(Extracted information)
(* Let $P_Z$ be a latent distribution and $\tau:\Theta\times\mathcal{Z}\to\mathbb{R}^p$ a simulator, and let $P_\theta$ denote the law of $\tau(\theta,Z)$, $Z\sim P_Z$. Suppose the observed data are $X_i^*=\tau(\theta^*,Z_i^* )$, $i=1,\dots,n$, with $Z_1^*,\dots,Z_n^*$ i.i.d. $P_Z$, and let $\mathbf{Z}_m=(Z_1,\dots,Z_m)$ be i.i.d. $P_Z$, independent of the $Z_i^*$. Assume: (i) there exists $C>0$ with $\|\theta_1-\theta_2\|\le C\,d_{SW}(P_{\theta_1},P_{\theta_2})$ for all $\theta_1,\theta_2\in\Theta$; (ii) for $\mathbf{Z}_k$ i.i.d. $P_Z$ of any size $k$, $\sup_{\theta\in\Theta}d_{SW}(\mathbb{Q}^\theta_k,P_\theta)=O_p(k^{-1/2})$, where $\mathbb{Q}^\theta_k=\frac1k\sum_{j=1}^k\delta_{\tau(\theta,Z_j)}$. Then any $\hat\theta_{m,n}\in\arg\min_{\theta\in\Theta}d_{SW}\big(\mathbb{Q}^\theta_m,\mathbb{P}_n\big)$, where $\mathbb{P}_n=\frac1n\sum_{i=1}^n\delta_{X_i^*}$ and $\mathbb{Q}^\theta_m$ uses $\mathbf{Z}_m$, satisfies $$\|\hat\theta_{m,n}-\theta^*\|=O_p(n^{-1/2}+m^{-1/2}).$$
   Context: For probability measures $\mu,\nu$ on $\mathbb{R}^p$ with finite first moment, the sliced Wasserstein distance is $d_{SW}(\mu,\nu)=\int_{S^{p-1}}W_1(\mu_\omega,\nu_\omega)\,d\sigma(\omega)$, where $\sigma$ is the uniform probability measure on the unit sphere $S^{p-1}$, $\mu_\omega,\nu_\omega$ are the pushforwards of $\mu,\nu$ under $x\mapsto\omega^Tx$, and $W_1$ is the 1-Wasserstein distance on $\mathbb{R}$. $\delta_x$ is the Dirac mass at $x$. The minimizer is assumed to exist. *)

From HB Require Import structures.
From mathcomp Require Import all_boot all_order all_algebra.
From mathcomp Require Import all_classical all_reals all_analysis.

Set Implicit Arguments.
Unset Strict Implicit.
Unset Printing Implicit Defensive.

Import Order.TTheory GRing.Theory Num.Theory.
Import numFieldNormedType.Exports.

Local Open Scope classical_set_scope.
Local Open Scope ring_scope.

Section SlicedWasserstein.
Variable R : realType.

Definition dotp (p : nat) (u v : 'rV[R]_p) : R := \sum_(i < p) u 0 i * v 0 i.
Definition enorm (p : nat) (v : 'rV[R]_p) : R := Num.sqrt (dotp v v).

Definition sphere (p : nat) : set 'rV[R]_p := [set w | enorm w = 1].

Definition BorelRp (p : nat) := g_sigma_algebraType (@open 'rV[R]_p).
Arguments sphere p : clear implicits.

(* sigma is the uniform probability measure on S^{p-1}: a Borel probability
   measure on R^p concentrated on the sphere and invariant under all
   orthogonal maps (this characterizes it uniquely). *)
Definition uniform_on_sphere (p : nat) (sigma : probability (BorelRp p) R) :=
  sigma (~` (sphere p : set (BorelRp p))) = 0%E /\
  forall U : 'M[R]_p, U *m U^T = 1%:M ->
    forall A : set (BorelRp p), measurable A ->
      sigma ((fun w : BorelRp p => (w : 'rV[R]_p) *m U : BorelRp p) @^-1` A) = sigma A.

(* Probability measures on R^p are given as set functions; for such a
   mu, the CDF of the projection mu_w at t is mu {x | w^T x <= t}. *)
(* 1-Wasserstein distance on R between the projections mu_w and nu_w,
   W_1(mu_w, nu_w) = \int_R |F_{mu_w}(t) - F_{nu_w}(t)| dt. *)
Definition W1_proj (p : nat) (mu nu : set 'rV[R]_p -> \bar R) (w : 'rV[R]_p)
  : \bar R :=
  (\int[@lebesgue_measure R]_(t in [set: R])
     `| mu [set x | (dotp w x <= t)%R] - nu [set x | (dotp w x <= t)%R] |)%E.

Definition dSW (p : nat) (sigma : probability (BorelRp p) R)
  (mu nu : set 'rV[R]_p -> \bar R) : \bar R :=
  (\int[sigma]_(w in (sphere p : set (BorelRp p))) W1_proj mu nu w)%E.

(What to do)
Please go over the data above and copy each line with "mathbb" in it.

(Exercise output)
(* Let $P_Z$ be a latent distribution and $\tau:\Theta\times\mathcal{Z}\to\mathbb{R}^p$ a simulator, and let $P_\theta$ denote the law of $\tau(\theta,Z)$, $Z\sim P_Z$. Suppose the observed data are $X_i^*=\tau(\theta^*,Z_i^* )$, $i=1,\dots,n$, with $Z_1^*,\dots,Z_n^*$ i.i.d. $P_Z$, and let $\mathbf{Z}_m=(Z_1,\dots,Z_m)$ be i.i.d. $P_Z$, independent of the $Z_i^*$. Assume: (i) there exists $C>0$ with $\|\theta_1-\theta_2\|\le C\,d_{SW}(P_{\theta_1},P_{\theta_2})$ for all $\theta_1,\theta_2\in\Theta$; (ii) for $\mathbf{Z}_k$ i.i.d. $P_Z$ of any size $k$, $\sup_{\theta\in\Theta}d_{SW}(\mathbb{Q}^\theta_k,P_\theta)=O_p(k^{-1/2})$, where $\mathbb{Q}^\theta_k=\frac1k\sum_{j=1}^k\delta_{\tau(\theta,Z_j)}$. Then any $\hat\theta_{m,n}\in\arg\min_{\theta\in\Theta}d_{SW}\big(\mathbb{Q}^\theta_m,\mathbb{P}_n\big)$, where $\mathbb{P}_n=\frac1n\sum_{i=1}^n\delta_{X_i^*}$ and $\mathbb{Q}^\theta_m$ uses $\mathbf{Z}_m$, satisfies $$\|\hat\theta_{m,n}-\theta^*\|=O_p(n^{-1/2}+m^{-1/2}).$$
   Context: For probability measures $\mu,\nu$ on $\mathbb{R}^p$ with finite first moment, the sliced Wasserstein distance is $d_{SW}(\mu,\nu)=\int_{S^{p-1}}W_1(\mu_\omega,\nu_\omega)\,d\sigma(\omega)$, where $\sigma$ is the uniform probability measure on the unit sphere $S^{p-1}$, $\mu_\omega,\nu_\omega$ are the pushforwards of $\mu,\nu$ under $x\mapsto\omega^Tx$, and $W_1$ is the 1-Wasserstein distance on $\mathbb{R}$. $\delta_x$ is the Dirac mass at $x$. The minimizer is assumed to exist. *)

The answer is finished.